Lemma exists_expr_ge q (l : R) : 1 < q -> exists n, l <= q ^+ n.
Proof.
move=> q1; have lnq : 0 < ln q by rewrite ln_gt0.
set n := (Num.truncn (`|l| / ln q)).+1; exists n.
have := truncnS_gt (`|l| / ln q); rewrite ltr_pdivrMr// -/n => hn.
rewrite -powR_mulrn ?(le_trans ler01 (ltW q1))// /powR gt_eqF ?(lt_trans ltr01 q1)//.
have := expR_ge1Dx (n%:R * ln q); have := ler_norm l; lra.
Qed.

Lemma limf_esup_pinfty_le f M B : (forall t, M < t -> f t <= B) ->
  (limf_esup (fun t => (f t)%:E) (pinfty_nbhs R) <= B%:E)%E.
Proof.
move=> fB; apply: (@le_trans _ _ (ereal_sup [set (f x)%:E | x in [set t | M < t]])).
  by apply: ereal_inf_lbound; exists [set t | M < t] => //; exists M; split; [exact: num_real|].
by apply: ge_ereal_sup => _ [x Mx <-]; rewrite lee_fin fB.
Qed.

Lemma limf_esup_pinfty_lt f K :
  (limf_esup (fun t => (f t)%:E) (pinfty_nbhs R) < K%:E)%E ->
  exists L M, L < K /\ forall t, M < t -> f t <= L.
Proof.
move=> /ereal_inf_lt[_ [V [M [_ MV]] <-]].
set y := ereal_sup _ => yK.
have fy t : M < t -> ((f t)%:E <= y)%E by move=> Mt; apply: ereal_sup_ubound; exists t => //; exact: MV.
case: y fy yK => [r| |] fy yK //.
- by exists r, M; split => [|t /fy]; rewrite -?lte_fin -?lee_fin.
- by have := fy (M + 1); rewrite leeNy_eq ltrDl ltr01 => /(_ isT).
Qed.

Lemma P_prop_of_power_bounded f a g : 0 < g -> a * g < 1 ->
  (\forall t \near +oo, 0 < f t) -> power_bounded f a -> P_prop f g.
Proof.
move=> g0 ag1 [M [_ fpos]] [C [T [C0 [T0 fC]]]].
pose e := 1 - a * g; have e0 : 0 < e by rewrite subr_gt0.
(* K^e = C + 2 makes C K^(a g) = C K / (C + 2) < K *)
pose K := (C + 2) `^ e^-1.
have K1 : 1 < K by apply: powR_gt1; [lra | rewrite invr_gt0].
have KE : K = K `^ (g * a) * (C + 2).
  have Ke : K `^ e = C + 2 by rewrite -powRrM mulVf ?gt_eqF// powRr1//; lra.
  rewrite -Ke -powRD; last by apply/implyP => _; rewrite gt_eqF//; lra.
  by rewrite /e mulrC addrC subrK powRr1//; lra.
exists K; split => //.
apply: (@le_lt_trans _ _ (C * K `^ (g * a))%:E); last first.
  by rewrite lte_fin {2}KE mulrC ltr_pM2l ?powR_gt0//; lra.
apply: (@limf_esup_pinfty_le _ (Num.max M T)) => t; rewrite gt_max => /andP[Mt Tt].
rewrite ler_pdivrMr ?fpos// powRrM; apply: fC; last exact: ltW.
by rewrite -(powRr0 K) ler_powR// ?mulr_ge0 ?ltW//; lra.
Qed.

Lemma power_bounded_of_step f q L T :
  (forall t, 0 <= t -> 0 <= f t) -> (forall s t, 0 <= s -> s <= t -> f s <= f t) ->
  1 < q -> 1 <= L -> 0 < T -> (forall t, T <= t -> f (q * t) <= L * f t) ->
  power_bounded f (ln L / ln q).
Proof.
move=> f0 fmon q1 L1 T0 fq.
have lnq : 0 < ln q by rewrite ln_gt0.
have qa : q `^ (ln L / ln q) = L.
  by rewrite /powR gt_eqF ?(lt_trans _ q1)// divfK ?gt_eqF// lnK// posrE; lra.
set a := ln L / ln q in qa *.
have a0 : 0 <= a by apply: divr_ge0; [exact: ln_ge0 | exact: ltW].
exists L, T; split; first lra; split=> // l t l1 Tt.
have [n] := exists_expr_ge l q1.
elim: n l t l1 Tt => [|n IH] l t l1 Tt lqn.
  have -> : l = 1 by apply/eqP; rewrite eq_le l1 -(expr0 q) lqn.
  by rewrite mul1r powR1 mulr1 ler_peMl ?f0//; lra.
have [lq|ql] := leP l q.
  apply: le_trans (_ : f (q * t) <= _).
    by apply: fmon; [rewrite mulr_ge0//; lra | rewrite ler_wpM2r//; lra].
  apply: le_trans (fq _ Tt) _; rewrite ler_wpM2r ?f0 ?ler_peMr//; try lra.
  by rewrite -(powRr0 l) ler_powR.
have lqa : (l / q) `^ a * L = l `^ a.
  by rewrite -qa -powRM ?divfK ?gt_eqF ?divr_ge0//; lra.
have -> : l * t = (l / q) * (q * t) by rewrite mulrA divfK ?gt_eqF//; lra.
apply: le_trans (IH _ _ _ _ _) _.
- by rewrite ler_pdivlMr ?mul1r ?ltW//; lra.
- by rewrite -[T]mul1r ler_pM//; lra.
- by rewrite ler_pdivrMr -?exprSr//; lra.
apply: le_trans (_ : L * (l / q) `^ a * (L * f t) <= _).
  by rewrite ler_wpM2l ?fq// mulr_ge0 ?powR_ge0//; lra.
by rewrite mulrA -(mulrA L) lqa.
Qed.

Lemma power_bounded_of_P_prop f g : 0 < g ->
  (forall t, 0 <= t -> 0 <= f t) -> (forall s t, 0 <= s -> s <= t -> f s <= f t) ->
  (\forall t \near +oo, 0 < f t) -> P_prop f g ->
  exists a, 0 <= a /\ a * g < 1 /\ power_bounded f a.
Proof.
move=> g0 f0 fmon [M [_ fpos]] [K [K1 /limf_esup_pinfty_lt[L0 [M1 [L0K fL0]]]]].
pose L := Num.max L0 1; pose q := K `^ g.
have L1 : 1 <= L by rewrite le_max lexx orbT.
have LK : L < K by rewrite gt_max L0K K1.
have q1 : 1 < q by apply: powR_gt1.
have lnK : 0 < ln K by rewrite ln_gt0.
pose T := 1 + `|M| + `|M1|.
have [MT M1T T0] : [/\ M < T, M1 < T & 0 < T].
  have := ler_norm M; have := ler_norm M1; have := normr_ge0 M; have := normr_ge0 M1.
  by rewrite /T => *; split; lra.
have fqL t : T <= t -> f (q * t) <= L * f t.
  move=> Tt; rewrite -ler_pdivrMr ?fpos//; last lra.
  by apply: le_trans (fL0 _ _) _; [lra | rewrite le_max lexx].
have lnq : 0 < ln q by rewrite ln_gt0.
exists (ln L / ln q); split; first by apply: divr_ge0; [exact: ln_ge0 | exact: ltW].
split; last exact: power_bounded_of_step f0 fmon q1 L1 T0 fqL.
have -> : ln L / ln q * g = ln L / ln K by rewrite /q ln_powR; field; rewrite !gt_eqF.
by rewrite ltr_pdivrMr// mul1r ltr_ln// posrE; lra.
Qed.

Lemma power_bound_absorb f C T b b' : 0 < C -> b < b' ->
  (forall t, T <= t -> 0 <= f t) ->
  (forall l t, 1 <= l -> T <= t -> f (l * t) <= C * l `^ b * f t) ->
  exists2 L0, 1 <= L0 & forall l t, L0 <= l -> T <= t -> f (l * t) <= l `^ b' * f t.
Proof.
move=> C0 bb' f0 fC; pose L0 := Num.max 1 (C `^ (b' - b)^-1).
exists L0 => [|l t L0l Tt]; first by rewrite le_max lexx.
have l1 : 1 <= l by apply: le_trans L0l; rewrite le_max lexx.
apply: le_trans (fC _ _ l1 Tt) _; rewrite ler_wpM2r ?f0//.
have -> : l `^ b' = l `^ (b' - b) * l `^ b.
  by rewrite -powRD ?subrK//; apply/implyP => _; rewrite gt_eqF//; lra.
rewrite ler_wpM2r ?powR_ge0//.
have -> : C = (C `^ (b' - b)^-1) `^ (b' - b).
  by rewrite -powRrM mulVf ?gt_eqF ?subr_gt0// powRr1// ltW.
apply: ge0_ler_powR; rewrite ?nnegrE ?powR_ge0 ?subr_ge0 ?(ltW bb')//; first lra.
by apply: le_trans L0l; rewrite le_max lexx orbT.
Qed.

Lemma power_bounded_of_large_scales f a C T l0 :
  (forall t, 0 <= t -> 0 <= f t) -> (forall s t, 0 <= s -> s <= t -> f s <= f t) ->
  0 <= a -> 0 < C -> 0 < T -> 1 <= l0 ->
  (forall l t, l0 <= l -> T <= t -> f (l * t) <= C * l `^ a * f t) ->
  power_bounded f a.
Proof.
move=> f0 fmon a0 C0 T0 l01 fC.
exists (C * l0 `^ a), T; split; first by rewrite mulr_gt0 ?powR_gt0//; lra.
split=> // l t l1 Tt; pose m := Num.max l l0.
have [lm l0m] : l <= m /\ l0 <= m by rewrite !le_max !lexx orbT.
apply: le_trans (_ : f (m * t) <= _).
  by apply: fmon; [rewrite mulr_ge0//; lra | rewrite ler_wpM2r//; lra].
apply: le_trans (fC _ _ l0m Tt) _.
rewrite ler_wpM2r ?f0 -?mulrA ?ler_wpM2l -?powRM//; try lra.
apply: ge0_ler_powR; rewrite ?nnegrE ?mulr_ge0//; try lra.
by rewrite ge_max ler_peMl ?ler_peMr//; lra.
Qed.

Lemma exists_powR_scale b L0 lam : b < 1 -> 1 <= L0 -> L0 `^ (1 - b) <= lam ->
  exists l, [/\ L0 <= l, lam * l `^ b = l & l `^ b = lam `^ (b / (1 - b))].
Proof.
move=> b1 L01 lamL; have e0 : 0 < 1 - b by rewrite subr_gt0.
have lam1 : 1 <= lam.
  by apply: le_trans lamL; rewrite -[X in X <= _](powRr0 L0) ler_powR//; lra.
pose l := lam `^ (1 - b)^-1; have l0 : 0 < l by apply: powR_gt0; lra.
have laml : lam = l `^ (1 - b) by rewrite /l -powRrM mulVf ?gt_eqF// powRr1//; lra.
exists l; split; last by rewrite /l -powRrM mulrC.
- have -> : L0 = (L0 `^ (1 - b)) `^ (1 - b)^-1.
    by rewrite -powRrM mulfV ?gt_eqF// powRr1//; lra.
  by apply: ge0_ler_powR; rewrite ?nnegrE ?invr_ge0 ?powR_ge0//; lra.
- by rewrite {1}laml -powRD ?subrK ?powRr1 ?(gt_eqF l0) ?implybT// ltW.
Qed.

End PowerBounds.

Section LowerConjugate.
Variables (R : realType) (sigma : R -> R).
Hypothesis sigma_ge0 : forall t, 0 <= t -> 0 <= sigma t.

Local Notation phi := (lower_conj (iota_fun sigma)).

Lemma sigma_inv_ge0 s : 0 < s -> 0 <= sigma s^-1.
Proof. by move=> s0; rewrite sigma_ge0// invr_ge0 ltW. Qed.

Lemma lower_conj_le t s : 0 <= t -> 0 < s -> phi t <= sigma s^-1 + t * s.
Proof.
move=> t0 s0; apply: ge_inf; last by exists s.
by exists 0 => _ [r r0 <-]; rewrite addr_ge0 ?sigma_inv_ge0 ?mulr_ge0// ltW.
Qed.

Lemma le_lower_conj t m : 0 <= t ->
  (forall s, 0 < s -> m <= sigma s^-1 + t * s) -> m <= phi t.
Proof.
move=> t0 mle; apply: lb_le_inf; first by exists (iota_fun sigma 1 + t * 1), 1 => //=.
by move=> _ [s s0 <-]; exact: mle.
Qed.

Lemma lower_conj_ge0 t : 0 <= t -> 0 <= phi t.
Proof.
by move=> t0; apply: le_lower_conj => // s s0; rewrite addr_ge0 ?sigma_inv_ge0 ?mulr_ge0// ltW.
Qed.

Lemma lower_conj_le_homo s t : 0 <= s -> s <= t -> phi s <= phi t.
Proof.
move=> s0 st; apply: le_lower_conj => [|r r0]; first exact: le_trans st.
by apply: le_trans (lower_conj_le s0 r0) _; rewrite lerD2l ler_pM2r.
Qed.

Lemma power_bounded1_lower_conj : power_bounded phi 1.
Proof.
exists 1, 1; split => //; split => // l t l1 t1.
have [t0 l0] : 0 <= t /\ 0 < l by split; lra.
rewrite mul1r (powRr1 (ltW l0)) -ler_pdivrMl//.
apply: le_lower_conj => // s s0.
rewrite ler_pdivrMl// mulrDr mulrA.
apply: le_trans (lower_conj_le (mulr_ge0 (ltW l0) t0) s0) _.
by rewrite lerD2r ler_peMl ?sigma_inv_ge0.
Qed.

Lemma lower_conj_eventually_gt0 :
  (\forall t \near +oo, 1 <= sigma t) -> \forall t \near +oo, 0 < phi t.
Proof.
move=> [M [_ sM]]; exists (Num.max M 1); split; first exact: num_real.
move=> t; rewrite gt_max => /andP[Mt t1].
apply: lt_le_trans ltr01 _; apply: le_lower_conj => [|s s0]; first lra.
have ts : 0 <= t * s by rewrite mulr_ge0; lra.
have [Ms|sM'] := ltP M s^-1; first by have := sM _ Ms; lra.
have : 1 <= t * s by rewrite -ler_pdivrMr// div1r; lra.
by have := sigma_inv_ge0 s0; lra.
Qed.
□ □ □ □ □
→ **The problem**
Count every line of the records above in which the string "orbT" appears. The number alone is to be given.

→ **Response area**
3